_Information_
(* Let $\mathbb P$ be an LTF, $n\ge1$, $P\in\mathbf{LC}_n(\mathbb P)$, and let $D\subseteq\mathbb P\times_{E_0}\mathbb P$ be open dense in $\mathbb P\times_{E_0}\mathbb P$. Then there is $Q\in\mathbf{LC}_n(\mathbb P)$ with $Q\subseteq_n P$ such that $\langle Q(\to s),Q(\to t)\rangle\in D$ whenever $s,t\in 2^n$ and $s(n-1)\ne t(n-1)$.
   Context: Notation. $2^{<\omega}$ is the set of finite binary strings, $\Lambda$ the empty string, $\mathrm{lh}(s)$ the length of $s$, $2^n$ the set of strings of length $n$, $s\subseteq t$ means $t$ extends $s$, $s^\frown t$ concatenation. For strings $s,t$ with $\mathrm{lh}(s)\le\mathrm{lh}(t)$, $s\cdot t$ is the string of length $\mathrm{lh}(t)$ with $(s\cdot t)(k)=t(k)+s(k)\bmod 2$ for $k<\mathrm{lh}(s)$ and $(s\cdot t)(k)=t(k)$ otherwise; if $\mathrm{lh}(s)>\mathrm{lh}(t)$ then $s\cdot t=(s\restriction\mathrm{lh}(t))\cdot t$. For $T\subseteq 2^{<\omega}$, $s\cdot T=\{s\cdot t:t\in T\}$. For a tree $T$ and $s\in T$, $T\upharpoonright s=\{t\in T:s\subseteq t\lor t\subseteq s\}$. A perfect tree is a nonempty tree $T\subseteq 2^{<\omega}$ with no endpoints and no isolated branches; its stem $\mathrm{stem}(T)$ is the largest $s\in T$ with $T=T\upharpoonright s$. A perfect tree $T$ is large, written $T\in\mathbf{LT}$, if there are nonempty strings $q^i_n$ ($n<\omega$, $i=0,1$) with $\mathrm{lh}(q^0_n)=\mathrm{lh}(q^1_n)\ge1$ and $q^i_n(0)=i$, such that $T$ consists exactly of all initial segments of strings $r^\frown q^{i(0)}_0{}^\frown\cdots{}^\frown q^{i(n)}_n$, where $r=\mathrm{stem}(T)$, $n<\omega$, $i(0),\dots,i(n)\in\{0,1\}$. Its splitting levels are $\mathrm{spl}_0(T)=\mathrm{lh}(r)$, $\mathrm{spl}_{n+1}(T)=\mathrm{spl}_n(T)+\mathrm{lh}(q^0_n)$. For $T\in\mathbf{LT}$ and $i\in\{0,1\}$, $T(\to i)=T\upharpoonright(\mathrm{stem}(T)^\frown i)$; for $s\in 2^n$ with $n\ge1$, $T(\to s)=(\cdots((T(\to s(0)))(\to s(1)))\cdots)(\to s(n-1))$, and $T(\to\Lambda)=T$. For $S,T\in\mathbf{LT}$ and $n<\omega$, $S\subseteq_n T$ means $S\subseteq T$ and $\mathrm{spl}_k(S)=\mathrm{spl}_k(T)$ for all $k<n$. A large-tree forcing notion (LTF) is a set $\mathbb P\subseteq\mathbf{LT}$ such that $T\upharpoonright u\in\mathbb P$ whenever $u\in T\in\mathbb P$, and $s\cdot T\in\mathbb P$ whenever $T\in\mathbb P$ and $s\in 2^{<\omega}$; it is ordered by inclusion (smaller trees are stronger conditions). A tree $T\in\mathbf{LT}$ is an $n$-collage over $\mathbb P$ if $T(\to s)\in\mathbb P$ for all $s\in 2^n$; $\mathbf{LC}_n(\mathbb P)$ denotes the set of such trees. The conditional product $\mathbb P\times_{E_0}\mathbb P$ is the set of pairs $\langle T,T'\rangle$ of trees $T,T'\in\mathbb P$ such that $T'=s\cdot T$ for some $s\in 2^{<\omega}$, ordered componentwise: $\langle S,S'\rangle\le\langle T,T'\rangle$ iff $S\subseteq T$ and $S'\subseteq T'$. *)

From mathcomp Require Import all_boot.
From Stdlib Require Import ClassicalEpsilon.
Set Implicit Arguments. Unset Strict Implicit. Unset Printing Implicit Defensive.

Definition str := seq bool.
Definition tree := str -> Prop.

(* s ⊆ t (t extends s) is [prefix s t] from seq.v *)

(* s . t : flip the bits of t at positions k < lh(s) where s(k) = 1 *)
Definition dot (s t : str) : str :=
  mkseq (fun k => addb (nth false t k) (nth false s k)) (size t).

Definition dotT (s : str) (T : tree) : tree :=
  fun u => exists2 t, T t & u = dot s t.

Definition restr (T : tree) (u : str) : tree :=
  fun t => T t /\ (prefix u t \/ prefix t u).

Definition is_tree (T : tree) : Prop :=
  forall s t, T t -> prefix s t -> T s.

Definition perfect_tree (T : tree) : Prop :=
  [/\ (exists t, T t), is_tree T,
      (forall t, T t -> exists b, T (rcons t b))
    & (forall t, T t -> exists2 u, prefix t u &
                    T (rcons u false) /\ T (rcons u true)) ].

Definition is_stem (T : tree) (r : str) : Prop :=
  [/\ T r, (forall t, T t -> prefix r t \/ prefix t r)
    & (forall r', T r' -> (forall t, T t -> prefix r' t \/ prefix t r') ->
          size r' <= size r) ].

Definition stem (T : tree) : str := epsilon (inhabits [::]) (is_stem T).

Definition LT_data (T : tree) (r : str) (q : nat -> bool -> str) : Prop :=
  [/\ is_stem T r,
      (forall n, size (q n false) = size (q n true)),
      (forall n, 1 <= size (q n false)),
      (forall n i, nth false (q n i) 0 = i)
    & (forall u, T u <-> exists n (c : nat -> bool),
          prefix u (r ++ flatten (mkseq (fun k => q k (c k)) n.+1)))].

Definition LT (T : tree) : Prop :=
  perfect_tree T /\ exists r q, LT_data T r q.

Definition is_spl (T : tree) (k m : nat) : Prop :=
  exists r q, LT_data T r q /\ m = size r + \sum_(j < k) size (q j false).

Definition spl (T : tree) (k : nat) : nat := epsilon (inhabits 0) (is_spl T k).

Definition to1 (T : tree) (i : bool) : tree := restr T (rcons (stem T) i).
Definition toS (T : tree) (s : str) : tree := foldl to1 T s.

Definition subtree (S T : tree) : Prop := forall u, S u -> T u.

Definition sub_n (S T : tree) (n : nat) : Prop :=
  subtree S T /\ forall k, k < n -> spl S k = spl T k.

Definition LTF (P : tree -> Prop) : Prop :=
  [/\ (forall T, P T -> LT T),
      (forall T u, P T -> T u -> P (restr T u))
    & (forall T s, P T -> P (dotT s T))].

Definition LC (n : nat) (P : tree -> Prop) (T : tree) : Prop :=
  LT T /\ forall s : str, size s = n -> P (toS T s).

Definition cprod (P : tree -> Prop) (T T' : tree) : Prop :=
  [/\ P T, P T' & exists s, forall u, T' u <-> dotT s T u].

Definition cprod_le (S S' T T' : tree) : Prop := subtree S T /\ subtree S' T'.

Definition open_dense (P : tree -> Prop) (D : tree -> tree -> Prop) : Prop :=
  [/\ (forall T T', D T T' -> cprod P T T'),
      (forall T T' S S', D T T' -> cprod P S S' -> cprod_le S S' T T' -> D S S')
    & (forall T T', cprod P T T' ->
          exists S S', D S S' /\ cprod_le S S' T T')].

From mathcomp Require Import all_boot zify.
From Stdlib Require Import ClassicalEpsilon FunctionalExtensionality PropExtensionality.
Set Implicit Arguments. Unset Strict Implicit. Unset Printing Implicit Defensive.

_Exercise brief_
Go over the entries above and tally the lines holding "subtree"; please answer with the number alone.

_Exercise solution_
3